PROBLEM TO WORK ON:
Your answer should be only the lines below from the one with "Context: For positive" to the one with "From mathcomp Require Import all_boot.", repeated exactly, ends included.

DATA PROVIDED:

(* Let $m\in\mathbb{N}$ and let $\{\{a_1,\dots,a_m\},\{b_1,\dots,b_m\}\}$ be an $m+m$ sum-and-distance system (non-inclusive or inclusive). Then \[\sum_{j=1}^m(a_j^2+b_j^2)=\begin{cases}\frac{1}{3!}(2m)\big((2m)^4-1\big) & \text{in the non-inclusive case},\\[2pt] \frac{1}{4!}(2m+1)\big((2m+1)^4-1\big) & \text{in the inclusive case}.\end{cases}\]
   Context: For positive integers $a_1<\dots<a_m$, $b_1<\dots<b_m$, the pair $\{\{a_1,\dots,a_m\},\{b_1,\dots,b_m\}\}$ is an $m+m$ non-inclusive sum-and-distance system if $\{a_j+b_k,\ |a_j-b_k| : j,k\in\{1,\dots,m\}\}=\{1,3,5,\dots,4m^2-1\}$, and an $m+m$ inclusive sum-and-distance system if $\{a_j,\ b_k,\ a_j+b_k,\ |a_j-b_k| : j,k\in\{1,\dots,m\}\}=\{1,2,\dots,2m(m+1)\}$. *)

From mathcomp Require Import all_boot.
Set Implicit Arguments. Unset Strict Implicit. Unset Printing Implicit Defensive.

Definition absdiff (x y : nat) : nat := maxn x y - minn x y.

Definition incr_pos (m : nat) (a : seq nat) : Prop :=
  size a = m /\ sorted ltn a /\ all (fun x => 0 < x) a.

Definition sd_values (a b : seq nat) : pred nat :=
  fun x => has (fun aj => has (fun bk => (x == aj + bk) || (x == absdiff aj bk)) b) a.

Definition nonincl_SDS (m : nat) (a b : seq nat) : Prop :=
  incr_pos m a /\ incr_pos m b /\
  forall x, sd_values a b x = (odd x && (x < 4 * m ^ 2)).

Definition incl_SDS (m : nat) (a b : seq nat) : Prop :=
  incr_pos m a /\ incr_pos m b /\
  forall x, ((x \in a) || (x \in b) || sd_values a b x) = (0 < x <= 2 * m * (m + 1)).

Definition sumsq (a b : seq nat) : nat := \sum_(x <- a) x ^ 2 + \sum_(x <- b) x ^ 2.

From mathcomp Require Import all_boot zify ring.

Set Implicit Arguments.
Unset Strict Implicit.
Unset Printing Implicit Defensive.

(* The list of the 2m^2 numbers a_j + b_k and |a_j - b_k| has the same size as
   the value set, so it enumerates that set without repetition. Since
   (x + y)^2 + (x - y)^2 = 2 (x^2 + y^2), its sum of squares is 2m times the
   sum of squares of the system, and comparing with the sum of the squares of
   the odd numbers below 4m^2 (resp. of 1, ..., 2m(m+1), which also contains
   the a_j and b_k) gives the closed forms. *)

Definition sd_list (a b : seq nat) : seq nat :=
  [seq x + y | x <- a, y <- b] ++ [seq absdiff x y | x <- a, y <- b].

Lemma mem_sd_list a b x : (x \in sd_list a b) = sd_values a b x.
Proof.
rewrite /sd_values mem_cat; apply/idP/idP.
- case/orP=> /allpairsP [[i j] /= [ai bj ->]]; apply/hasP; exists i => //;
  apply/hasP; exists j => //; by rewrite eqxx ?orbT.
- case/hasP=> i ai /hasP [j bj] /orP [] /eqP ->; apply/orP;
  [left | right]; apply/allpairsP; by exists (i, j).
Qed.

Lemma size_sd_list a b : size (sd_list a b) = 2 * (size a * size b).
Proof. by rewrite size_cat !size_allpairs addnn mul2n. Qed.

Lemma sqrnD_absdiff x y : (x + y) ^ 2 + absdiff x y ^ 2 = 2 * (x ^ 2 + y ^ 2).
Proof.
wlog le_xy : x y / x <= y.
  move=> sym; case: (leqP x y) => [le_xy | /ltnW le_yx]; first exact: sym.
  by rewrite (addnC x y) /absdiff maxnC minnC (addnC (x ^ 2)) sym.
have [d ->] : exists d, y = x + d by exists (y - x); lia.
have -> : absdiff x (x + d) = d by rewrite /absdiff; lia.
ring.
Qed.

Lemma sum_sqr_sd_list a b :
  \sum_(x <- sd_list a b) x ^ 2 =
  2 * (size b * \sum_(x <- a) x ^ 2 + size a * \sum_(y <- b) y ^ 2).
Proof.
rewrite big_cat !big_allpairs_dep /= -big_split /=.
under eq_bigr => x _ do
  rewrite -big_split /= (eq_bigr _ (fun y _ => sqrnD_absdiff x y)) -(big_distrr 2) /=.
rewrite -(big_distrr 2) /=; congr (2 * _).
under eq_bigr => x _ do rewrite big_split /= big_const_seq count_predT iter_addn_0.
by rewrite big_split /= -big_distrl /= big_const_seq count_predT iter_addn_0; ring.
Qed.

Lemma sum_sqr_sd_list_sumsq m a b : size a = m -> size b = m ->
  \sum_(x <- sd_list a b) x ^ 2 = 2 * m * sumsq a b.
Proof. by move=> <- size_b; rewrite sum_sqr_sd_list size_b /sumsq; ring. Qed.

Lemma perm_eq_uniq_size (T : eqType) (s t : seq T) :
  uniq t -> s =i t -> size s <= size t -> perm_eq s t.
Proof.
move=> t_uniq eq_st le_st; apply: uniq_perm => //.
by apply: (leq_size_uniq t_uniq) => // x; rewrite eq_st.
Qed.

Definition odds (n : nat) : seq nat := [seq 2 * i + 1 | i <- iota 0 n].

Lemma mem_odds n x : (x \in odds n) = odd x && (x < 2 * n).
Proof.
apply/mapP/idP.
- by case=> i; rewrite mem_iota => lt_in ->; rewrite oddD oddM /=; lia.
- case/andP=> odd_x lt_x; have := odd_double_half x; rewrite odd_x => def_x.
  by exists x./2; [rewrite mem_iota |]; lia.
Qed.

Lemma odds_uniq n : uniq (odds n).
Proof. by rewrite map_inj_uniq ?iota_uniq // => i j; lia. Qed.

Lemma size_odds n : size (odds n) = n.
Proof. by rewrite size_map size_iota. Qed.

Lemma sum_sqr_odds n : 3 * \sum_(x <- odds n) x ^ 2 + n = 4 * n ^ 3.
Proof.
rewrite big_map; elim: n => [|n IHn]; first by rewrite big_nil.
by rewrite -[n.+1]addn1 iotaD big_cat big_seq1 /= mulnDr; nia.
Qed.

Lemma sum_sqr_iota1 n : 6 * \sum_(x <- iota 1 n) x ^ 2 = n * (n + 1) * (2 * n + 1).
Proof.
elim: n => [|n IHn]; first by rewrite big_nil.
by rewrite -[n.+1]addn1 iotaD big_cat big_seq1 /= mulnDr IHn; nia.
Qed.

Lemma nonincl_SDS_sumsq m a b :
  nonincl_SDS m a b -> 6 * sumsq a b = 2 * m * ((2 * m) ^ 4 - 1).
Proof.
case=> [[size_a _] [[size_b _] values_ab]].
have [m0 | m_gt0] := posnP m.
  by move: size_a size_b; rewrite m0 /sumsq => /size0nil -> /size0nil ->; rewrite !big_nil.
have perm_odds : perm_eq (sd_list a b) (odds (2 * m ^ 2)).
  apply: perm_eq_uniq_size; first exact: odds_uniq.
  - by move=> x; rewrite mem_sd_list values_ab mem_odds mulnA.
  - by rewrite size_sd_list size_odds size_a size_b.
have := sum_sqr_odds (2 * m ^ 2).
rewrite -(perm_big _ perm_odds) (sum_sqr_sd_list_sumsq size_a size_b).
set S := sumsq a b => sum_eq.
have three_S : 3 * S + m = 16 * m ^ 5.
  apply/eqP; rewrite -(@eqn_pmul2l (2 * m)) ?muln_gt0 //; apply/eqP.
  by transitivity (3 * (2 * m * S) + 2 * m ^ 2); [ring | rewrite sum_eq; ring].
have -> : 2 * m * ((2 * m) ^ 4 - 1) = 2 * (16 * m ^ 5) - 2 * m.
  by rewrite mulnBr muln1; congr (_ - _); ring.
lia.
Qed.

Lemma incl_SDS_sumsq m a b :
  incl_SDS m a b -> 24 * sumsq a b = (2 * m + 1) * ((2 * m + 1) ^ 4 - 1).
Proof.
case=> [[size_a _] [[size_b _] values_ab]].
set N := 2 * m * (m + 1).
have perm_iota : perm_eq (a ++ b ++ sd_list a b) (iota 1 N).
  apply: perm_eq_uniq_size; first exact: iota_uniq.
  - by move=> x; rewrite mem_cat (mem_cat x b) mem_sd_list orbA values_ab mem_iota; lia.
  - by rewrite size_cat (size_cat b) size_sd_list size_iota size_a size_b; lia.
have := sum_sqr_iota1 N.
rewrite -(perm_big _ perm_iota) big_cat /= big_cat /= addnA -/(sumsq a b).
rewrite (sum_sqr_sd_list_sumsq size_a size_b).
set S := sumsq a b => sum_eq.
have sqr_odd_m : 2 * N + 1 = (2 * m + 1) ^ 2 by rewrite /N; ring.
have six_S : 6 * S = N * (N + 1) * (2 * m + 1).
  apply/eqP; rewrite -(@eqn_pmul2l (2 * m + 1)) ?addn1 //; apply/eqP.
  by transitivity (6 * (S + 2 * m * S)); [ring | rewrite sum_eq sqr_odd_m; ring].
have -> : (2 * m + 1) ^ 4 = 4 * (N * (N + 1)) + 1 by rewrite /N; ring.
by rewrite addnK -[24]/(4 * 6) -mulnA six_S; ring.
Qed.

Theorem theorem6 (m : nat) (a b : seq nat) :
  (nonincl_SDS m a b ->
     sumsq a b = (2 * m) * ((2 * m) ^ 4 - 1) %/ 3`!) /\
  (incl_SDS m a b ->
     sumsq a b = (2 * m + 1) * ((2 * m + 1) ^ 4 - 1) %/ 4`!).
Proof.
by split=> [/nonincl_SDS_sumsq | /incl_SDS_sumsq] <-; rewrite mulKn.
Qed.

EXERCISE RESULT:
   Context: For positive integers $a_1<\dots<a_m$, $b_1<\dots<b_m$, the pair $\{\{a_1,\dots,a_m\},\{b_1,\dots,b_m\}\}$ is an $m+m$ non-inclusive sum-and-distance system if $\{a_j+b_k,\ |a_j-b_k| : j,k\in\{1,\dots,m\}\}=\{1,3,5,\dots,4m^2-1\}$, and an $m+m$ inclusive sum-and-distance system if $\{a_j,\ b_k,\ a_j+b_k,\ |a_j-b_k| : j,k\in\{1,\dots,m\}\}=\{1,2,\dots,2m(m+1)\}$. *)

From mathcomp Require Import all_boot.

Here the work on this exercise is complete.